Please keep to the lines below from the one with "Lemma Pspace_lincomb d" through the one with "pose M : 'M[F]_(N.+1, N)", and restate them word for word, ends included.

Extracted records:
───
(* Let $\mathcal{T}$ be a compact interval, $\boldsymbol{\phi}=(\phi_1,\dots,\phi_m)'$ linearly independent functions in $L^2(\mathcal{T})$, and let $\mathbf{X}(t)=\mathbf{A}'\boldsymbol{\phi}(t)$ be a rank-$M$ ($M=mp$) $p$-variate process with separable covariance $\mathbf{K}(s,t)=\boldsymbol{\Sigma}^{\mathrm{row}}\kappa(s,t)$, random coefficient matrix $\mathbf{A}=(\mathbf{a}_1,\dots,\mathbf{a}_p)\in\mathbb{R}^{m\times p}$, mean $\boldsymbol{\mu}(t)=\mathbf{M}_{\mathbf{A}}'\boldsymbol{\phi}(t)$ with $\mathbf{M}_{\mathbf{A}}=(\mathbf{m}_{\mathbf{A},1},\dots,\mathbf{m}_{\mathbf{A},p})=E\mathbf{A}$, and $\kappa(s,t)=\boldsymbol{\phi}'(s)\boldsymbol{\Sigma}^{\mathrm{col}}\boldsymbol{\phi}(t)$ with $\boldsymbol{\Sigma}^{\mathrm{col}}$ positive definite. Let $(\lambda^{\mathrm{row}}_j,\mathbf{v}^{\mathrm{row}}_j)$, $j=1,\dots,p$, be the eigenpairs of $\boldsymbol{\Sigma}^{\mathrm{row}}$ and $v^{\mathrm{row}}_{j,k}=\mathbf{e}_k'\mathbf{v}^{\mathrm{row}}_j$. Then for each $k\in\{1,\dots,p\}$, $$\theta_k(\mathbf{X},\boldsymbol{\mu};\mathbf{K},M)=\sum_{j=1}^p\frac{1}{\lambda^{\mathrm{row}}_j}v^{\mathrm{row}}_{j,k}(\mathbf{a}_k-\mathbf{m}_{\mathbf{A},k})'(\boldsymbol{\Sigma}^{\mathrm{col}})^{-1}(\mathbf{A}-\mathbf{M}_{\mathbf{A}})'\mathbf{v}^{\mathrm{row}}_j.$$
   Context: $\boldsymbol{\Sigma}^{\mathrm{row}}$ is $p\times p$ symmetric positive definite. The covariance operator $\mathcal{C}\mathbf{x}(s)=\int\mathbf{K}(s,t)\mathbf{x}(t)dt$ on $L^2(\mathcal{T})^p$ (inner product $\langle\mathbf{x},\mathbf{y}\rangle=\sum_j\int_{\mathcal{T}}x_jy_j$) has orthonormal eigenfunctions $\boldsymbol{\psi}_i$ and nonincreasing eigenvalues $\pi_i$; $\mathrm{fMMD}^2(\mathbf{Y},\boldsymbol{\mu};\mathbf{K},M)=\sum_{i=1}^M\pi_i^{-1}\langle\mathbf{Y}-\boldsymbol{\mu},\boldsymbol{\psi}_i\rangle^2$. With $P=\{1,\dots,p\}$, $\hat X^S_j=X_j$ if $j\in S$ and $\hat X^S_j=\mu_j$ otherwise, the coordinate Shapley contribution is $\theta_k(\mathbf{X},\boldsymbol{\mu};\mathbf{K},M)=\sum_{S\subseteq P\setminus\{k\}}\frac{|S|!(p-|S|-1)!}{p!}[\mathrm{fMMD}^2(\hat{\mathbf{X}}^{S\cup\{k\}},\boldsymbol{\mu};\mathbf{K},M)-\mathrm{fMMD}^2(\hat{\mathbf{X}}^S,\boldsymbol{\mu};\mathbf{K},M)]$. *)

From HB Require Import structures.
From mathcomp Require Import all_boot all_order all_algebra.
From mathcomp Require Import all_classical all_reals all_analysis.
───
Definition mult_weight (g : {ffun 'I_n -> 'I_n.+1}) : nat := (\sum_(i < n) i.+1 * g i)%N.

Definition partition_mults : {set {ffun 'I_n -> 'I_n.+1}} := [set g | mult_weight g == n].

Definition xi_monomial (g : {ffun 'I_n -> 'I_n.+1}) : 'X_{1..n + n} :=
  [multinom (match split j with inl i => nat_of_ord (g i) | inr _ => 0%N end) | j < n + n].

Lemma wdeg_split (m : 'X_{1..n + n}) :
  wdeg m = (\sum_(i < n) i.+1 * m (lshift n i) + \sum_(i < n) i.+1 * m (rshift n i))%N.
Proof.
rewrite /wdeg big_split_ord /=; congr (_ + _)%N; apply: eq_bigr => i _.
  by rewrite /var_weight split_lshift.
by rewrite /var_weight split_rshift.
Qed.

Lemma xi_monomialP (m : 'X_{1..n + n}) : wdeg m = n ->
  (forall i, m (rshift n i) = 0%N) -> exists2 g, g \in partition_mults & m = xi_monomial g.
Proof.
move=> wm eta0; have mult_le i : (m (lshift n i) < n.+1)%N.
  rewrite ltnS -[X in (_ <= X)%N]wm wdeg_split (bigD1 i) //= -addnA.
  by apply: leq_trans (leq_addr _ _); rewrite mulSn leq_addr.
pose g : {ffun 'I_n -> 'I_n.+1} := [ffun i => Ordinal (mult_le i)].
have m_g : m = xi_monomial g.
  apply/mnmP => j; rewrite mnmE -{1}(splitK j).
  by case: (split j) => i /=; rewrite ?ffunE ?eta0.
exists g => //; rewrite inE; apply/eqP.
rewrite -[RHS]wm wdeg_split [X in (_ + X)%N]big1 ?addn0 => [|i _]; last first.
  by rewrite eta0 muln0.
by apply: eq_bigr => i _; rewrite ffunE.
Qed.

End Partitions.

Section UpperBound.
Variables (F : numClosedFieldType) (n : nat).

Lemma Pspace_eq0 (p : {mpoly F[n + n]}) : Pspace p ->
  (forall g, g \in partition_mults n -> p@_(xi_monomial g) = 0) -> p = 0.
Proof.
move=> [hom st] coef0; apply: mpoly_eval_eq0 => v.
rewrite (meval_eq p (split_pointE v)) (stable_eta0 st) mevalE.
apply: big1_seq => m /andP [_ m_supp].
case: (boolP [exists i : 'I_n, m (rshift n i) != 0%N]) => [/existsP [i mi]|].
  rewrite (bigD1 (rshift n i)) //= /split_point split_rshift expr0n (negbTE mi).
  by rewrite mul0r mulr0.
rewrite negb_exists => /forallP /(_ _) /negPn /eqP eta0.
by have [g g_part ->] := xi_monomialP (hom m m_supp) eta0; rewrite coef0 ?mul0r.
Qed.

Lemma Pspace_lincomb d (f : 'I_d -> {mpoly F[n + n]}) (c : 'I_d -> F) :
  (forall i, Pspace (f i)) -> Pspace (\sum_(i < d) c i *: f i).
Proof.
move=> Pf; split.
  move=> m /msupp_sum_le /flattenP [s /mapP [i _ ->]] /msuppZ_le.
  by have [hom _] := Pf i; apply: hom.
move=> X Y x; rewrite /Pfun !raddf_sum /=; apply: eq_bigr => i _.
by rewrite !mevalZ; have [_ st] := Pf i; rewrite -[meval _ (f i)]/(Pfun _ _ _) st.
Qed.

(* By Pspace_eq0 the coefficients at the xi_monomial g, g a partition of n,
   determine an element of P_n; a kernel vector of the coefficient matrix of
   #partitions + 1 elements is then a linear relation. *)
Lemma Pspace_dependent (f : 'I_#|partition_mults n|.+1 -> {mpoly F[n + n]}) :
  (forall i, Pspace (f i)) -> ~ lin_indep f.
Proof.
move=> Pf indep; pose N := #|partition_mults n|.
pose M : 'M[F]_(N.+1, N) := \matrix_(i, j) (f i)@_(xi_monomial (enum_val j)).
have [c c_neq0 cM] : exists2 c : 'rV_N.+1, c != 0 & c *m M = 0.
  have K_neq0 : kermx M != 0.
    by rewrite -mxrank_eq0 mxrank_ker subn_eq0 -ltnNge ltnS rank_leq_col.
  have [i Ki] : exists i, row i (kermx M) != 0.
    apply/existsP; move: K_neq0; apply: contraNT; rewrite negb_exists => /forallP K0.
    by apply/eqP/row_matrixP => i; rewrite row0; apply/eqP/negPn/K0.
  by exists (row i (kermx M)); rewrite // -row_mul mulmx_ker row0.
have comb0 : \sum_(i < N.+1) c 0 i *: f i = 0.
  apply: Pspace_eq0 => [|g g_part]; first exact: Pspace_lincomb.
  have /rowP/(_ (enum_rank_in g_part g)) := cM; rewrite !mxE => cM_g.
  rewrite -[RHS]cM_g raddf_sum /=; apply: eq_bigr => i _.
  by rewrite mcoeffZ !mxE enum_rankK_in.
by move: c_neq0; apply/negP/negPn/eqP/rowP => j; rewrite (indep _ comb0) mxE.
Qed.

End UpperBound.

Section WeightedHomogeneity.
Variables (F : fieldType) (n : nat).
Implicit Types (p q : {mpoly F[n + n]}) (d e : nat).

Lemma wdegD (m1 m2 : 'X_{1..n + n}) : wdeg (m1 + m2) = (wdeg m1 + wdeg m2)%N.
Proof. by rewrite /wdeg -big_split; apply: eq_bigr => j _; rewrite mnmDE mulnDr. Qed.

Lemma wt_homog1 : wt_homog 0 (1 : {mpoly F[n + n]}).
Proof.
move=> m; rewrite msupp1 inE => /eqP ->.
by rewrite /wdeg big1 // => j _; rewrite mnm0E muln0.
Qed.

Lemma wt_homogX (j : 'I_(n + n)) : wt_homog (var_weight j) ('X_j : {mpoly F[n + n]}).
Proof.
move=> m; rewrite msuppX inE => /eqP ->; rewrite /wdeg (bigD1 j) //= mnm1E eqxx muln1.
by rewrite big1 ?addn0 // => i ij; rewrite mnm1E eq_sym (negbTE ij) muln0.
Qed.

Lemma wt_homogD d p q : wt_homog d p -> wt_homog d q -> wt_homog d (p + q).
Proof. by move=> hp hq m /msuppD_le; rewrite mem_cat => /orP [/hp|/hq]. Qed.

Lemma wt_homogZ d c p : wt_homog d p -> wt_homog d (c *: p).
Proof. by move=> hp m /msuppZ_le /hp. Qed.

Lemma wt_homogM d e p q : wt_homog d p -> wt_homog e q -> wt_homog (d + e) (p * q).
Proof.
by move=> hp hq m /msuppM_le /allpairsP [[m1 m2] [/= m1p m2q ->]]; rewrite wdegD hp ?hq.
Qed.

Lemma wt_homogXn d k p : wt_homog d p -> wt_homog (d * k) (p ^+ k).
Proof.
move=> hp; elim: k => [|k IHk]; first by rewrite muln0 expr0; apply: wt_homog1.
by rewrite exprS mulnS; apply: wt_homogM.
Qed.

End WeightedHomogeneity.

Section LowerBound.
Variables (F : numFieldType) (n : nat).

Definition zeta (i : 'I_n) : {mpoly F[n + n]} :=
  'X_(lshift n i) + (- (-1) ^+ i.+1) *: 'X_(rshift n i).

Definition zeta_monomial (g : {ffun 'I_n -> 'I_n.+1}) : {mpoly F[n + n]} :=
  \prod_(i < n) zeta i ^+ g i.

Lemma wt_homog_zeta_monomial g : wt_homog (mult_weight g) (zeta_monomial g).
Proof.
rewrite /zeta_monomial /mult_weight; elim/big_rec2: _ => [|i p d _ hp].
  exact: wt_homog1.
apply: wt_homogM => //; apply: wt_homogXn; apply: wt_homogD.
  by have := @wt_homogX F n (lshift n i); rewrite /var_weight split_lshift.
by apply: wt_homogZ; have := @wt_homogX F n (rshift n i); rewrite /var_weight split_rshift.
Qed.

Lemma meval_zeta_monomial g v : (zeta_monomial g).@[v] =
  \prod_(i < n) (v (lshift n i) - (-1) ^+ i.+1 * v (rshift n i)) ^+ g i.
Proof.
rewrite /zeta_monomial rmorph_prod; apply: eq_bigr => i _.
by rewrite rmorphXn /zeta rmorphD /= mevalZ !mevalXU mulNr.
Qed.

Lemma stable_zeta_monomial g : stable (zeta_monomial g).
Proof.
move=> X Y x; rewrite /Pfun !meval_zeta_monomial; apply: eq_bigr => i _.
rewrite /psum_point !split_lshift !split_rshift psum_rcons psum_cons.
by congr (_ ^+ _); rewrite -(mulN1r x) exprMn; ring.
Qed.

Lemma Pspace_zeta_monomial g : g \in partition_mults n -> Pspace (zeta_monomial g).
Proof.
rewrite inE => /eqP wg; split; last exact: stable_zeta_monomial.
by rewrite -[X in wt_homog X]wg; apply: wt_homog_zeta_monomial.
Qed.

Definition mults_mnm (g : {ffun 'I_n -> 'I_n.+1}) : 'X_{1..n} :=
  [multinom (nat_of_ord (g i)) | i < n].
───
WRITTEN SOLUTION:
Lemma Pspace_lincomb d (f : 'I_d -> {mpoly F[n + n]}) (c : 'I_d -> F) :
  (forall i, Pspace (f i)) -> Pspace (\sum_(i < d) c i *: f i).
Proof.
move=> Pf; split.
  move=> m /msupp_sum_le /flattenP [s /mapP [i _ ->]] /msuppZ_le.
  by have [hom _] := Pf i; apply: hom.
move=> X Y x; rewrite /Pfun !raddf_sum /=; apply: eq_bigr => i _.
by rewrite !mevalZ; have [_ st] := Pf i; rewrite -[meval _ (f i)]/(Pfun _ _ _) st.
Qed.

(* By Pspace_eq0 the coefficients at the xi_monomial g, g a partition of n,
   determine an element of P_n; a kernel vector of the coefficient matrix of
   #partitions + 1 elements is then a linear relation. *)
Lemma Pspace_dependent (f : 'I_#|partition_mults n|.+1 -> {mpoly F[n + n]}) :
  (forall i, Pspace (f i)) -> ~ lin_indep f.
Proof.
move=> Pf indep; pose N := #|partition_mults n|.
pose M : 'M[F]_(N.+1, N) := \matrix_(i, j) (f i)@_(xi_monomial (enum_val j)).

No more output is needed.